Translate this page to:
Dutch
In JoVE (1)
Other Publications (6)
Automatic Translation
This translation into Dutch was automatically generated.
English Version | Other Languages
Articles by Wenyan Xiao in JoVE
JoVE General
Bepaling van de DNA-methylatie van genen in Imprinted Arabidopsis Endosperm
Department of Biology, Saint Louis University
Imprinting is een fenomeen in plant en zoogdier reproductie. DNA-methylatie speelt een belangrijke rol in de mechanismen van imprinting. Isoleren endosperm en het bepalen van methylatie status van de ingeprente genen in
Other articles by Wenyan Xiao on PubMed
Imprinting of the MEA Polycomb Gene is Controlled by Antagonism Between MET1 Methyltransferase and DME Glycosylase
The MEA Polycomb gene is imprinted in the Arabidopsis endosperm.

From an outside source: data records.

Lemma sum_sets_of_weight :
  \sum_(S : {set 'I_n} | (#|S| == k) && (weight S == U + v)%N)
     \prod_(z in S) ((z.+1)%:R : rat)^-1
  = Hp p es n s (take (t + v + 2) ds) * (p%:R) ^ (v%:Z - (k * s)%:Z + U%:Z).
Proof.
rewrite (eq_bigr (fun S : {set 'I_n} => \prod_(z in S) ((pfree z)%:R : rat)^-1
                           * ((p%:R) ^+ (U + v) / (p%:R) ^+ (k * s)))); last first.
  by move=> S /andP[/eqP card_S /eqP w_S]; rewrite prod_invn_set card_S w_S mulrA.
rewrite -big_distrl /= exprz_natBD //; congr (_ * _).
have size_a2 : size (take (t + v + 2) ds) = (t + v + 2)%N.
  by rewrite size_takel // size_ds; lia.
rewrite (bigID (fun S : {set 'I_n} => [forall z in S, level z <= t + v]%N)) /=.
rewrite /Hp size_a2 size_es.
have -> : (t + v + 2).-1 = (t + v + 1)%N by rewrite addn2 addn1.
rewrite take_takel ?leq_add2l // -sum_sets_with_low_levels -sum_sets_with_high_level //.
by congr (_ + _); apply: eq_bigl => S; rewrite andbA.
Qed.

End Layer.

Lemma bigO_sets_of_large_weight :
  bigOp p ((s - t)%:Z - (k * s)%:Z + U%:Z)
    (\sum_(S : {set 'I_n} | (#|S| == k) && (U + (s - t) <= weight S)%N)
       \prod_(z in S) ((z.+1)%:R : rat)^-1).
Proof.
set e := (U + (s - t))%N.
rewrite (eq_bigr (fun S : {set 'I_n} =>
    \prod_(z in S) ((pfree z)%:R : rat)^-1 * (p%:R) ^+ (weight S - e)
    * (p%:R) ^+ e / (p%:R) ^+ (k * s))); last first.
  move=> S /andP[/eqP card_S le_w]; rewrite prod_invn_set card_S -!mulrA; congr (_ * _).
  by rewrite mulrA -exprD subnK.
rewrite -!big_distrl /=; apply: p_integral_bigOp => //; last by rewrite /e PoszD; lia.
apply: p_integral_sum => // S _; apply: p_integralM => //.
  by apply: p_integral_prod => // z _; apply: p_integral_invn; apply: pfree_ndvd.
by rewrite -natrX; apply: p_integral_nat.
Qed.

Lemma Hnk_expansion :
  bigOp p ((s - t)%:Z - (k * s)%:Z + U%:Z)
    (Hnk n k - \sum_(v < s - t)
       Hp p es n s (take (t + v + 2) ds) * (p%:R) ^ (v%:Z - (k * s)%:Z + U%:Z)).
Proof.
have layer_lt (v : 'I_(s - t)) : (t + v < s)%N by have := ltn_ord v; lia.
rewrite /Hnk (big_split_layers _ _ _ _ _ weight _ U (s - t)) => [|S /eqP]; last first.
  exact: Up_le_weight.
rewrite (eq_bigr _ (fun (v : 'I_(s - t)) _ => sum_sets_of_weight v (layer_lt v))) /=.
rewrite [X in bigOp _ _ X]addrAC subrr add0r.
exact: bigO_sets_of_large_weight.
Qed.

End Digits.

End Levels.

Local Open Scope ring_scope.

Theorem lemma3p2 (p : nat) (es ds : seq nat) (t s : nat) :
  prime p ->
  size es = t.+1 -> size ds = s.+1 ->
  all (fun x => x < p)%N es -> all (fun x => x < p)%N ds ->
  head 0%N es != 0%N -> head 0%N ds != 0%N ->
  (2 <= (digval p es).+1)%N ->
  (t.+1 <= s)%N ->
  take t.+1 ds = es ->
  let n := digval p ds in
  let k := (digval p es).+1 in
  bigOp p ((s - t)%:Z - (k * s)%:Z + (Up p es)%:Z)
    (Hnk n k
     - \sum_(v < s - t)
         Hp p es n s (take (t + v + 2) ds)
         * (p%:R : rat) ^ (v%:Z - (k * s)%:Z + (Up p es)%:Z)).
Proof.
(* The constraints on [es] and [k] are implied by [take t.+1 ds = es] or unneeded. *)
move=> p_prime size_es size_ds _ ds_digits _ ds_head _ t_lt_s ds_es n k.
have n_gt0 : (0 < n)%N := digval_gt0 _ _ (prime_gt0 p_prime) ds_head.
exact: Hnk_expansion.
Qed.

DME DNA glycosylase activates maternal MEA allele expression in the central cell of the female gametophyte, the progenitor of the endosperm. Maternal mutant dme or mea alleles result in seed abortion. We identified mutations that suppress dme seed abortion and found that they reside in the MET1 methyltransferase gene, which maintains cytosine methylation. Seeds with maternal dme and met1 alleles survive, indicating that suppression occurs in the female gametophyte. Suppression requires a maternal wild-type MEA allele, suggesting that MET1 functions upstream of, or at, MEA. DME activates whereas MET1 suppresses maternal MEA::GFP allele expression in the central cell. MET1 is required for DNA methylation of three regions in the MEA promoter in seeds. Our data suggest that imprinting is controlled in the female gametophyte by antagonism between the two DNA-modifying enzymes, MET1 methyltransferase and DME DNA glycosylase.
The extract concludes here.